▶ Stored data:
Lemma norm_dominated_J {y F} : y != 0 -> norm_dominated F -> F y = `|y| -> Jset y F.
Proof.
move=> y0 domF Fy; have [linF _] := domF.
have normF z : `|F z| <= `|z| := norm_dominated_norm z domF.
split; [split|split] => //; first by exists 1 => z; rewrite mul1r.
have ny : 0 < `|y| by rewrite normr_gt0.
pose S := [set `|F z| | z in [set z : X | `|z| <= 1]].
have supS : has_sup S.
  split; first by exists `|F 0|, 0 => //=; rewrite normr0.
  by exists 1 => _ [z /= z1 <-]; apply: le_trans (normF z) z1.
apply/eqP; rewrite eq_le; apply/andP; split.
  by apply: ge_sup; [case: supS | move=> _ [z /= z1 <-]; apply: le_trans (normF z) z1].
apply: sup_upper_bound => //; exists (`|y|^-1 *: y).
  by rewrite /= normrZ normrV ?unitfE ?gt_eqF // normr_id mulVf ?gt_eqF.
by rewrite (is_linearZ linF) Fy -[_ *: _]/(`|y|^-1 * `|y|) mulVf ?gt_eqF // normr1.
Qed.

End SupportFunctionals.

Section Smoothness.
Context {R : realType} {X : normedModType R}.
Implicit Types (x y v : X) (F : X -> R).

Lemma bj_orthN {x v} : bj_orth x v -> bj_orth x (- v).
Proof. by move=> xv lam; rewrite scalerN -scaleNr. Qed.

Lemma smooth_norming_unique {x F1 F2} : smooth x ->
  norm_dominated F1 -> F1 x = `|x| -> norm_dominated F2 -> F2 x = `|x| -> F1 = F2.
Proof.
move=> [x0 [f Jf]] dom1 F1x dom2 F2x.
have := norm_dominated_J x0 dom1 F1x; have := norm_dominated_J x0 dom2 F2x.
by rewrite Jf => -> ->.
Qed.

(* Otherwise Hahn-Banach yields norming functionals at x with values e and 0 at v. *)
Lemma smooth_norm_slope {x v e} : smooth x -> bj_orth x v -> 0 < e ->
  exists2 t, 0 < t & `|x + t *: v| < `|x| + e * t.
Proof.
move=> smx xv e0; apply: contrapT => nslope.
have slope_e s : `|x| + e * s <= `|x + s *: v|.
  have [s0|s0] := ltP 0 s; last by have := xv s; nra.
  by rewrite leNgt; apply/negP => lt; apply: nslope; exists s.
have slope_0 s : `|x| + 0 * s <= `|x + s *: v| by rewrite mul0r addr0; exact: xv.
have [Fe [dome Fex Fev]] := norm_dominated_extension slope_e.
have [F0 [dom0 F0x F0v]] := norm_dominated_extension slope_0.
have := smooth_norming_unique smx dome Fex dom0 F0x.
by move/(congr1 (fun F => F v)); rewrite Fev F0v => e_eq0; rewrite e_eq0 ltxx in e0.
Qed.

Lemma norming_slope_le {y F} x v t : norm_dominated F -> F y = `|y| ->
  t * F v <= `|x + t *: v| - `|x| + 2 * `|x - y|.
Proof.
move=> [linF domF] Fy; have := domF (t *: v + y).
rewrite linF Fy -[_ *: F v]/(t * F v).
have : `|t *: v + y| <= `|x + t *: v| + `|x - y|.
  by rewrite distrC -{1}(subrKC x y) addrCA addrA ler_normD.
have := ler_normD (x - y) y; rewrite subrK.
lra.
Qed.

Lemma norming_near_smooth {x v e} : smooth x -> bj_orth x v -> 0 < e ->
  exists2 d, 0 < d & forall y F, `|x - y| < d ->
    norm_dominated F -> F y = `|y| -> `|F v| <= e.
Proof.
move=> smx xv e0; have e20 : 0 < e / 2 by rewrite divr_gt0.
have [t t0 slope_t] := smooth_norm_slope smx xv e20.
have [s s0 slope_s] := smooth_norm_slope smx (bj_orthN xv) e20.
exists (Num.min (e * t / 4) (e * s / 4)).
  by rewrite lt_min !divr_gt0 ?mulr_gt0.
move=> y F; rewrite lt_min => /andP[dt ds] domF Fy.
have := norming_slope_le x v t domF Fy.
have := norming_slope_le x v (- s) domF Fy; rewrite scaleNr -scalerN.
move=> bs bt; rewrite ler_norml; apply/andP; split.
  by rewrite lerNl -(ler_pM2l s0); lra.
by rewrite -(ler_pM2l t0); lra.
Qed.

Lemma norming_orth {y F} v : norm_dominated F -> F y = `|y| ->
  bj_orth y (v - (F v / `|y|) *: y).
Proof.
move=> [linF domF] Fy lam; have [->|y0] := eqVneq y 0; first by rewrite normr0.
have FZ : forall a z, F (a *: z) = a * F z := is_linearZ linF.
have FB : forall z w, F (z - w) = F z - F w := is_linearB linF.
have := domF (y + lam *: (v - (F v / `|y|) *: y)).
rewrite addrC linF -[lam *: _]/(lam * _) FB FZ Fy divfK ?normr_eq0 //.
by rewrite subrr mulr0 add0r.
Qed.

End Smoothness.

Lemma is_bounded_nonneg {R : realType} {X Y : normedModType R} (T : X -> Y) :
  is_bounded T -> exists2 M, 0 <= M & forall x, `|T x| <= M * `|x|.
Proof.
case=> M HM; exists (Num.max M 0) => [|x]; first by rewrite le_max lexx orbT.
by apply: le_trans (HM x) _; rewrite ler_wpM2r // le_max lexx.
Qed.

Lemma closure_normP {R : realType} {X : normedModType R} {A : set X} {x d} :
  closure A x -> 0 < d -> exists2 y, A y & `|x - y| < d.
Proof.
move=> clx d0; have [y [Ay]] := clx _ (nbhsx_ballx x d d0).
by rewrite -ball_normE /ball_ /= => xy; exists y.
Qed.

Lemma bj_orth_subZ_le {R : realType} {Y : normedModType R} {a b : Y} {k} lam :
  bj_orth a (b - k *: a) -> `|a| <= `|a + lam *: b| + `|lam| * `|k| * `|a|.
Proof.
move=> ab; apply: le_trans (ab lam) _.
by rewrite scalerBr addrA scalerA -normrM -normrZ ler_normB.
Qed.

Section BoundedOperator.
Context {R : realType} {X Y : normedModType R} {T : X -> Y} {M : R}.
Hypotheses (linT : is_linear T) (M0 : 0 <= M) (boundT : forall x, `|T x| <= M * `|x|).

Lemma preserves_bj_norming_le {y F} v lam x : preserves_bj_at T y ->
  norm_dominated F -> F y = `|y| ->
  `|T x| <= `|T x + lam *: T v| + 2 * M * `|x - y| + `|lam| * M * `|F v|.
Proof.
move=> presTy domF Fy; pose k := F v / `|y|.
have := presTy _ (norming_orth v domF Fy).
rewrite (is_linearB linT) (is_linearZ linT) -/k => /(bj_orth_subZ_le lam) Ty_le.
have kTy : `|k| * `|T y| <= M * `|F v|.
  have [->|y0] := eqVneq y 0; first by rewrite (is_linear0 linT) normr0 mulr0 mulr_ge0.
  apply: le_trans (ler_wpM2l (normr_ge0 k) (boundT y)) _.
  by rewrite mulrCA -(normr_id y) -normrM divfK ?normr_eq0.
have Tyv_le : `|T y + lam *: T v| <= `|T x + lam *: T v| + M * `|x - y|.
  rewrite (_ : T y + _ = T x + lam *: T v - (T x - T y)); last first.
    by rewrite opprB [RHS]addrC [RHS]addrA subrK.
  by apply: le_trans (ler_normB _ _) _; rewrite lerD2l -(is_linearB linT).
have Tx_le : `|T x| <= `|T y| + M * `|x - y|.
  rewrite -{1}(subrKC (T y) (T x)) -(is_linearB linT).
  by apply: le_trans (ler_normD _ _) _; rewrite lerD2l.
have := ler_wpM2l (normr_ge0 lam) kTy.
lra.
Qed.

End BoundedOperator.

▶ Instructions to follow:
Please report all lines in the entries where "divfK" appears.

▶ Response area:
rewrite addrC linF -[lam *: _]/(lam * _) FB FZ Fy divfK ?normr_eq0 //.
  by rewrite mulrCA -(normr_id y) -normrM divfK ?normr_eq0.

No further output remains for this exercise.